Brains Of Social Anxiety Sufferers Have Faulty 'Brakes,' Can't Control Their Sense Of Fear
People suffering from anxiety disorder and social phobia lack a proper functioning inhibitory connection in their brain, making them vulnerable to uncontrollable fear, an Austrian study finds.
Researchers at the Medical University of Vienna explain that this “brake” in the brain is necessary to keep the sense of fear at appropriate levels and not spin out of control when a situation doesn’t demand it. Anxiety disorder is one of the most common psychiatric conditions, which has a prevelance rate of 18% and often debilitates sufferers by disruptong sensory perception and psychological well-being. This makes the disorder a costly public health issue with social anxiety disorder (SAD) being one of the most widespread types of clinical anxiety health issue.
The authors of the study used functional magnetic resonance imaging (MRI) to study a circuit in the brain that is important for controlling and regulating emotions. By comparing people with social phobias with healthy subjects, they were able to deduce that a feedback loop in this circuit, which stretches between parts of the brain known as the orbitofrontal cortex (OFC) and amygdala, lacks an inhibitory mechanism that provides negative feedback, which is needed to maintain calmness.

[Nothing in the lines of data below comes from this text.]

(* Let $\Bbbk$ be a field, $R=\Bbbk[x_1,\dots,x_m]$ with the standard $\mathbb Z^m$-grading, $P$ a finite poset, and $\deg\colon P\to\mathbb N^m$ a morphism of posets. Let $\widehat{\mathcal F}_\bullet$ be the homogenization of $\mathcal C_\bullet(P,\Bbbk)$ with respect to $\deg$, and let $I\subseteq R$ be the monomial ideal generated by $x^{\deg a}$ for $a$ minimal in $P$. Then $\widehat{\mathcal F}_\bullet$, augmented by the map $\widehat F_0\to I$ sending $[a]\otimes 1\mapsto x^{\deg a}$ for each minimal $a\in P$, is a free resolution of $I$ if and only if the augmented conic chain complex $\widetilde{\mathcal C}_\bullet(P_{\deg\le\alpha},\Bbbk)$ is exact for every $\alpha\in\mathbb Z^m$ such that $P_{\deg\le\alpha}$ is nonempty.
   Context: For a finite poset $P$ and $a\in P$: $P_{\le a}=\{x: x\le a\}$, $P_{<a}=\{x:x<a\}$, $\Delta(S)$ the order complex, $d(a)=\dim\Delta(P_{\le a})$, $P^n=\{a: d(a)\le n\}$, $\Delta^n=\Delta(P^n)$ ($\Delta^{-1}=\emptyset$), faces oriented by decreasing order of vertices. Conic chain complex: $\mathcal C_n(P,\Bbbk)=H_n(\Delta^n,\Delta^{n-1};\Bbbk)=\bigoplus_{d(a)=n}H_n(\Delta(P_{\le a}),\Delta(P_{<a});\Bbbk)$ for $n\ge0$, with differential $\partial_n=\iota_{n-1}\circ\delta_n$ ($\delta_n$ the connecting map of the pair $(\Delta^n,\Delta^{n-1})$, $\iota_{n-1}\colon\widetilde H_{n-1}(\Delta^{n-1})\to H_{n-1}(\Delta^{n-1},\Delta^{n-2})$ the natural map). Note $\mathcal C_0(P,\Bbbk)=\bigoplus_{a\in P^0}\Bbbk[a]$ where $P^0$ is the set of minimal elements. The augmented conic chain complex $\widetilde{\mathcal C}_\bullet(P,\Bbbk)$ adds $\mathcal C_{-1}=\Bbbk\cdot[\,]$ (the empty face) and $\partial_0([a])=[\,]$. $\mathcal C_\bullet(P,\Bbbk)$ is $P$-graded: $F_{n,a}=H_{n}(\Delta(P_{\le a}),\Delta(P_{<a});\Bbbk)$ if $n=d(a)$ and $0$ otherwise; for $x\in F_{n,a}$ write $f_n^b(x)$ for the component of $\partial_n(x)$ in $F_{n-1,b}$ (nonzero only if $b\le a$). The homogenization with respect to $\deg$ is the complex of $\mathbb Z^m$-graded $R$-modules with $\widehat F_n=\bigoplus_{a\in P}F_{n,a}\otimes_\Bbbk R(-\deg a)$ and $\hat f_n(x\otimes1)=\sum_{b\le a}f_n^b(x)\otimes x^{\deg a-\deg b}$ for $x\in F_{n,a}$. For $\alpha\in\mathbb Z^m$, $P_{\deg\le\alpha}=\{x\in P:\deg x\le\alpha\}$ (componentwise order) with the induced order. *)

From HB Require Import structures.
From mathcomp Require Import all_boot all_order all_algebra.
Set Implicit Arguments. Unset Strict Implicit. Unset Printing Implicit Defensive.
Import Order.TTheory GRing.Theory.
Local Open Scope ring_scope.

“[W]e observed an important neurophysiologic dysfunction in the emotion regulation circuitry of SAD patients,” write Ronald Sladky and colleagues. “The results of the study…strongly corroborate previous reports of reduced connectivity between the OFC and amygdala in SAD patients by providing first evidence for the actual causal dependencies within this network. Our study thus provides a neurobiological model that may explain the altered appreciation of affective stimuli typically observed in SAD patients.”

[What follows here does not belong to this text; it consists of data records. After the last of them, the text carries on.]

(* The port-0 walk is reversible, so the view of [u] deep enough to follow it
   to [z] and recognise [z] there identifies [u]. *)
Lemma feasible_of_anchor z d :
  (forall u, u < pg_n G -> exists k, iter k (next0 G) u = z) ->
  (forall x l, x < pg_n G -> d <= l -> bview G l x = bview G l z -> x = z) ->
  feasible G.
Proof.
move=> to_z z_view; split => //.
have [K HK] := exists_uniform_bound to_z.
exists (K + d) => u v hu hv E.
have [k hk Ek] := HK u hu.
have E' : bview G (k + (K - k + d)) u = bview G (k + (K - k + d)) v.
  by have -> : k + (K - k + d) = K + d by lia.
have Ev := bview_iter_next0 E'.
have ez : iter k (next0 G) v = z.
  apply: (z_view _ (K - k + d)); [exact: iter_next0_lt | lia | by rewrite -Ev Ek].
by apply: (iter_next0_inj hu hv E'); rewrite Ek ez.
Qed.

End Next0.

Definition node (q : nat) (t : bool) : nat := t + q.*2.

Lemma node_half q t : (node q t)./2 = q.
Proof. exact: half_bit_double. Qed.

Lemma node_odd q t : odd (node q t) = t.
Proof. by rewrite /node oddD odd_double oddb addbF. Qed.

Lemma nodeK v : node v./2 (odd v) = v.
Proof. exact: odd_double_half. Qed.

Lemma node_inj q t q' t' : node q t = node q' t' -> q = q' /\ t = t'.
Proof. by move=> E; move: (congr1 half E) (congr1 odd E); rewrite !node_half !node_odd. Qed.

Lemma node_lt q t n : (node q t < n.*2) = (q < n).
Proof. by rewrite /node; case: t => /=; lia. Qed.

Section WordGraph.
Variable w : seq bool.
Local Notation L := (size w).

Definition letter q := nth false w q.
Definition cnext q := q.+1 %% L.
Definition cprev q := (q + L.-1) %% L.

(* Node [node q false] is the core node of position [q] on a cycle of length
   [L].  If [letter q] holds, [node q true] subdivides the cycle edge from
   core [q] to core [cnext q]; otherwise it is a leaf hanging at core [q].
   Port 0 always leads forward along the cycle (or to the leaf), port 1 of a
   core node backward. *)
Definition wdeg v :=
  if odd v then (if letter v./2 then 2 else 1) else (if letter v./2 then 2 else 3).

Definition wnbr v i := let q := v./2 in
  if odd v then
    (if letter q then (if i == 0 then (node (cnext q) false, 1) else (node q false, 0))
     else (node q false, 2))
  else if i == 0 then
    (if letter q then (node q true, 1) else (node (cnext q) false, 1))
  else if i == 1 then (node (cprev q) (letter (cprev q)), 0)
  else (node q true, 0).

Study participants had their brains scanned while they were shown images of faces that conveyed various emotions, such as laughter, sadness, anger, and happiness. By applying a new way of analyzing scanning data, which was developed at the University College London, researchers found that the neural activity of SAD patients over-reacted to the pictures in comparison to healthy subjects.

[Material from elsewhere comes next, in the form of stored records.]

Lemma psi_defect_ge0 (lambda : R) (n : nat) : alpha < 1 -> 0 < lambda ->
  0 <= psi_defect lambda n.
Proof.
  intros Ha Hl. pose proof (lt_0_INR (S n) (Nat.lt_0_succ n)).
  rewrite psi_defectE by exact Hl. cbv zeta.
  apply Rmult_le_pos; [left; apply psi_defect_factor_pos, Hl |].
  enough (Rpower (lambda / INR (S n)) (1 - alpha) <= 1 + (1 - alpha) * (lambda / INR (S n) - 1))
    by lra.
  apply Rpower_le_Bernoulli; [apply Rdiv_lt_0_compat |]; lra.
Qed.

Lemma psi_defect_le0 (lambda : R) (n : nat) : 1 < alpha -> 0 < lambda ->
  psi_defect lambda n <= 0.
Proof.
  intros Ha Hl. pose proof (lt_0_INR (S n) (Nat.lt_0_succ n)).
  rewrite psi_defectE by exact Hl. cbv zeta.
  pose proof (psi_defect_factor_pos lambda n Hl).
  enough (1 + (1 - alpha) * (lambda / INR (S n) - 1) <= Rpower (lambda / INR (S n)) (1 - alpha))
    by nra.
  apply Rpower_ge_Bernoulli; [apply Rdiv_lt_0_compat |]; lra.
Qed.

Lemma psi_moment_gt (lambda : R) : alpha < 1 -> 0 < lambda ->
  lambda * Series (psi_term lambda) < Series (psi_moment_term lambda).
Proof.
  intros Ha Hl.
  assert (Hd : 0 <= Series (psi_defect lambda)).
  { apply Series_nonneg; [intros n; apply psi_defect_ge0 | apply ex_series_psi_defect]; auto. }
  rewrite Series_psi_defect in Hd by exact Hl. nra.
Qed.

Lemma psi_moment_lt (lambda : R) : 1 < alpha -> 0 < lambda ->
  Series (psi_moment_term lambda) < lambda * Series (psi_term lambda).
Proof.
  intros Ha Hl.
  assert (Hd : 0 <= Series (fun n => - psi_defect lambda n)).
  { apply Series_nonneg.
    - intros n. pose proof (psi_defect_le0 lambda n Ha Hl). lra.
    - apply (ex_series_opp (V := R_NormedModule)), ex_series_psi_defect, Hl. }
  rewrite Series_opp, Series_psi_defect in Hd by exact Hl. nra.
Qed.

Lemma psi_deriv_factor_pos (lambda : R) : 0 < lambda ->
  0 < alpha * exp (- alpha * lambda) / lambda.
Proof.
  intros Hl. apply Rdiv_lt_0_compat; [| exact Hl].
  apply Rmult_lt_0_compat; [exact alpha_pos | apply exp_pos].
Qed.

Lemma psi_increasing : alpha < 1 -> strictly_increasing_pos (psi alpha).
Proof.
  intros Ha x y Hx Hxy.
  apply (incr_function (psi alpha) 0 p_infty psi_deriv); try easy; simpl.
  - intros l Hl _. apply is_derive_psi, Hl.
  - intros l Hl _. unfold psi_deriv.
    pose proof (psi_deriv_factor_pos l Hl). pose proof (psi_moment_gt l Ha Hl). nra.
Qed.

Lemma psi_decreasing : 1 < alpha -> strictly_decreasing_pos (psi alpha).
Proof.
  intros Ha x y Hx Hxy. apply Ropp_lt_cancel.
  apply (incr_function (fun l => - psi alpha l) 0 p_infty (fun l => - psi_deriv l));
    try easy; simpl.
  - intros l Hl _. apply (is_derive_opp (psi alpha)), is_derive_psi, Hl.
  - intros l Hl _. unfold psi_deriv.
    pose proof (psi_deriv_factor_pos l Hl). pose proof (psi_moment_lt l Ha Hl). nra.
Qed.

Lemma psi_pos (lambda : R) : 0 < lambda -> 0 < psi alpha lambda.
Proof. intros Hl. apply Rmult_lt_0_compat; [apply exp_pos | apply Series_psi_term_gt0, Hl]. Qed.

Lemma poisson_renyiE (lambda : R) : 0 < lambda ->
  poisson_renyi alpha lambda = / (1 - alpha) * ln (psi alpha lambda).
Proof.
  intros Hl. unfold poisson_renyi, renyi_entropy, psi. do 2 f_equal.
  rewrite Rmult_comm, <- Series_scal_r. apply Series_ext. intros n.
  unfold poisson_p. rewrite <- Rpower_mult_distr
    by (apply exp_pos || apply Rdiv_lt_0_compat; auto using pow_lt, INR_fact_lt_0).
  unfold Rpower at 2. rewrite ln_exp. do 2 f_equal. ring.
Qed.

Lemma poisson_renyi_increasing : alpha <> 1 ->
  strictly_increasing_pos (poisson_renyi alpha).
Proof.
  intros Hne x y Hx Hxy. rewrite !poisson_renyiE by lra.
  destruct (Rlt_or_le alpha 1) as [Ha | Ha].
  - assert (0 < / (1 - alpha)) by (apply Rinv_0_lt_compat; lra).
    pose proof (ln_increasing _ _ (psi_pos x Hx) (psi_increasing Ha x y Hx Hxy)). nra.
  - assert (/ (1 - alpha) < 0) by (apply Rinv_lt_0_compat; lra).
    pose proof (ln_increasing _ _ (psi_pos y ltac:(lra)) (psi_decreasing ltac:(lra) x y Hx Hxy)).
    nra.
Qed.
End Psi.

Theorem theorem2 :
  (forall alpha : R, 0 < alpha < 1 ->
     strictly_increasing_pos (fun lambda => psi alpha lambda)) /\
  (forall alpha : R, 1 < alpha ->
     strictly_decreasing_pos (fun lambda => psi alpha lambda)) /\
  (forall alpha : R, 0 < alpha -> alpha <> 1 ->
     strictly_increasing_pos (fun lambda => poisson_renyi alpha lambda)).
Proof.
  split; [| split].
  - intros alpha [Hpos Hlt]. exact (psi_increasing alpha Hpos Hlt).
  - intros alpha Hgt. exact (psi_decreasing alpha ltac:(lra) Hgt).
  - exact poisson_renyi_increasing.
Qed.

This novel way of looking at MRI data allows for a more nuanced understanding of how brain activity relates to mental disorders. “We have the opportunity not only to localise brain activity and compare it between groups, but we can now also make statements regarding functional connections within the brain,” Sladky noted in a press release. “In psychiatric conditions especially, we can assume that there are not complete failures of these connections going on, but rather imbalances in complex regulatory processes.”
Source: Sladky R, Höflich A, Küblböck M et al. Disrupted Effective Connectivity Between the Amygdala and Orbitofrontal Cortex in Social Anxiety Disorder During Emotion Discrimination Revealed by Dynamic Causal Modeling for fMRI. Cerebral Cortex. 2013.